--- MATERIAL PROVIDED Enclosed Below ---

Section DescentClasses.
Local Open Scope order_scope.
Context {disp : Order.disp_t} {P : finTBPOrderType disp}.
Variables (n : nat) (rk : P -> nat) (U : nat -> {set P} -> {set P}) (S : {set 'I_n}).
Hypothesis rk_graded : graded_rank rk n.
Hypothesis n_pos : (0 < n)%N.
Hypothesis S_pos : S \subset posI n.
Hypothesis U_maxchain : forall i m, (0 < i < n)%N -> maxchainb m -> maxchainb (U i m).
Hypothesis U_local : forall i m x, (0 < i < n)%N -> maxchainb m -> rk x != i ->
  (x \in U i m) = (x \in m).
Hypothesis U_idem : forall i m, (0 < i < n)%N -> maxchainb m -> U i (U i m) = U i m.
Hypothesis U_comm : forall i j m, (0 < i < n)%N -> (0 < j < n)%N ->
  (i.+2 <= j)%N || (j.+2 <= i)%N -> maxchainb m -> U i (U j m) = U j (U i m).
Hypothesis U_braid : forall i m, (0 < i)%N -> (i.+1 < n)%N -> maxchainb m ->
  U i (U i.+1 (U i m)) = U i.+1 (U i (U i.+1 m)).

Definition nonS j := (0 < j < n)%N && ~~ in_nat S j.

Lemma nonS_letter j : nonS j -> (0 < j < n)%N.
Proof. by case/andP. Qed.

Definition projS := Uword U (parabolic_word nonS n.-1).

Lemma projS_maxchain m : maxchainb m -> maxchainb (projS m).
Proof. by apply/(Uword_stable U_maxchain)/(parabolic_word_letter nonS_letter). Qed.

Lemma projS_fixed m j : maxchainb m -> nonS j -> U j (projS m) = projS m.
Proof.
move=> m_max j_nonS.
apply: (parabolic_word_absorb U_maxchain U_idem U_comm U_braid nonS_letter) => //.
by have := nonS_letter j_nonS; lia.
Qed.

Lemma projS_id m : (forall j, nonS j -> U j m = m) -> projS m = m.
Proof.
move=> fixed; rewrite /projS.
elim: (parabolic_word _ _) (parabolic_word_J nonS_letter n.-1) => //= i w IH.
by case/andP => i_nonS w_nonS; rewrite IH // fixed.
Qed.

Lemma projS_mem m x : maxchainb m -> ~~ nonS (rk x) -> (x \in projS m) = (x \in m).
Proof.
rewrite /projS => m_max x_S; have := parabolic_word_J nonS_letter n.-1.
elim: (parabolic_word _ _) => //= i w IH /andP [i_nonS w_nonS].
rewrite U_local ?IH ?nonS_letter //; last by apply: contraNneq x_S => ->.
by apply: (Uword_stable U_maxchain _ m_max); apply/allP => j /(allP w_nonS) /nonS_letter.
Qed.

Lemma descents_subsetP m : reflect (forall j, nonS j -> U j m = m) (descents n U m \subset S).
Proof.
apply: (iffP subsetP) => [desc_S j /andP [/andP [j_pos j_lt] jNS] | fixed i].
  apply/eqP; apply: contraNT jNS => Ujm.
  by rewrite (in_nat_val S (Ordinal j_lt)) desc_S // inE j_pos.
rewrite inE => /andP [i_pos]; apply: contraNT => iNS.
by rewrite fixed ?eqxx // /nonS i_pos ltn_ord in_nat_val.
Qed.

Definition descS_chains := [set m | maxchainb m & descents n U m \subset S].

Lemma projS_descS m : maxchainb m -> projS m \in descS_chains.
Proof.
move=> m_max; rewrite inE projS_maxchain //=.
by apply/descents_subsetP => j; apply: projS_fixed.
Qed.

Local Notation K := (size (comp_of S)).

Definition multichains (a : seq nat) := [set t : {ffun 'I_(size a).+1 -> P} |
  [&& 0 < size a, t ord0 == \bot, t ord_max == \top,
      [forall i : 'I_(size a),
         (t (widen_ord (leqnSn _) i) <= t (lift ord0 i)) &&
         (rk (t (lift ord0 i)) == rk (t (widen_ord (leqnSn _) i)) + nth 0 a i)%N] &
      (t (inord (size a).-1) < t ord_max)]].

Lemma F_coef_multichains a : F_coef rk a = #|multichains a|.
Proof. by []. Qed.

Lemma multichain_step t (i : nat) : t \in multichains (comp_of S) -> (i < K)%N ->
  t (inord i) <= t (inord i.+1) /\
  rk (t (inord i.+1)) = (rk (t (inord i)) + nth 0 (comp_of S) i)%N.
Proof.
rewrite inE => /and5P [_ _ _ /forallP steps _] i_lt.
have lift_i : lift ord0 (Ordinal i_lt) = inord i.+1 by apply: val_inj; rewrite /= inordK.
have widen_i : widen_ord (leqnSn _) (Ordinal i_lt) = inord i.
  by apply: val_inj; rewrite /= inordK // ltnW.
by case/andP: (steps (Ordinal i_lt)); rewrite lift_i widen_i => le_step /eqP.
Qed.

--- End of Enclosed MATERIAL PROVIDED ---

Look over the material above and show each line where "Hypothesis" appears.

### SOLUTION
Hypothesis rk_graded : graded_rank rk n.
Hypothesis n_pos : (0 < n)%N.
Hypothesis S_pos : S \subset posI n.
Hypothesis U_maxchain : forall i m, (0 < i < n)%N -> maxchainb m -> maxchainb (U i m).
Hypothesis U_local : forall i m x, (0 < i < n)%N -> maxchainb m -> rk x != i ->
Hypothesis U_idem : forall i m, (0 < i < n)%N -> maxchainb m -> U i (U i m) = U i m.
Hypothesis U_comm : forall i j m, (0 < i < n)%N -> (0 < j < n)%N ->
Hypothesis U_braid : forall i m, (0 < i)%N -> (i.+1 < n)%N -> maxchainb m ->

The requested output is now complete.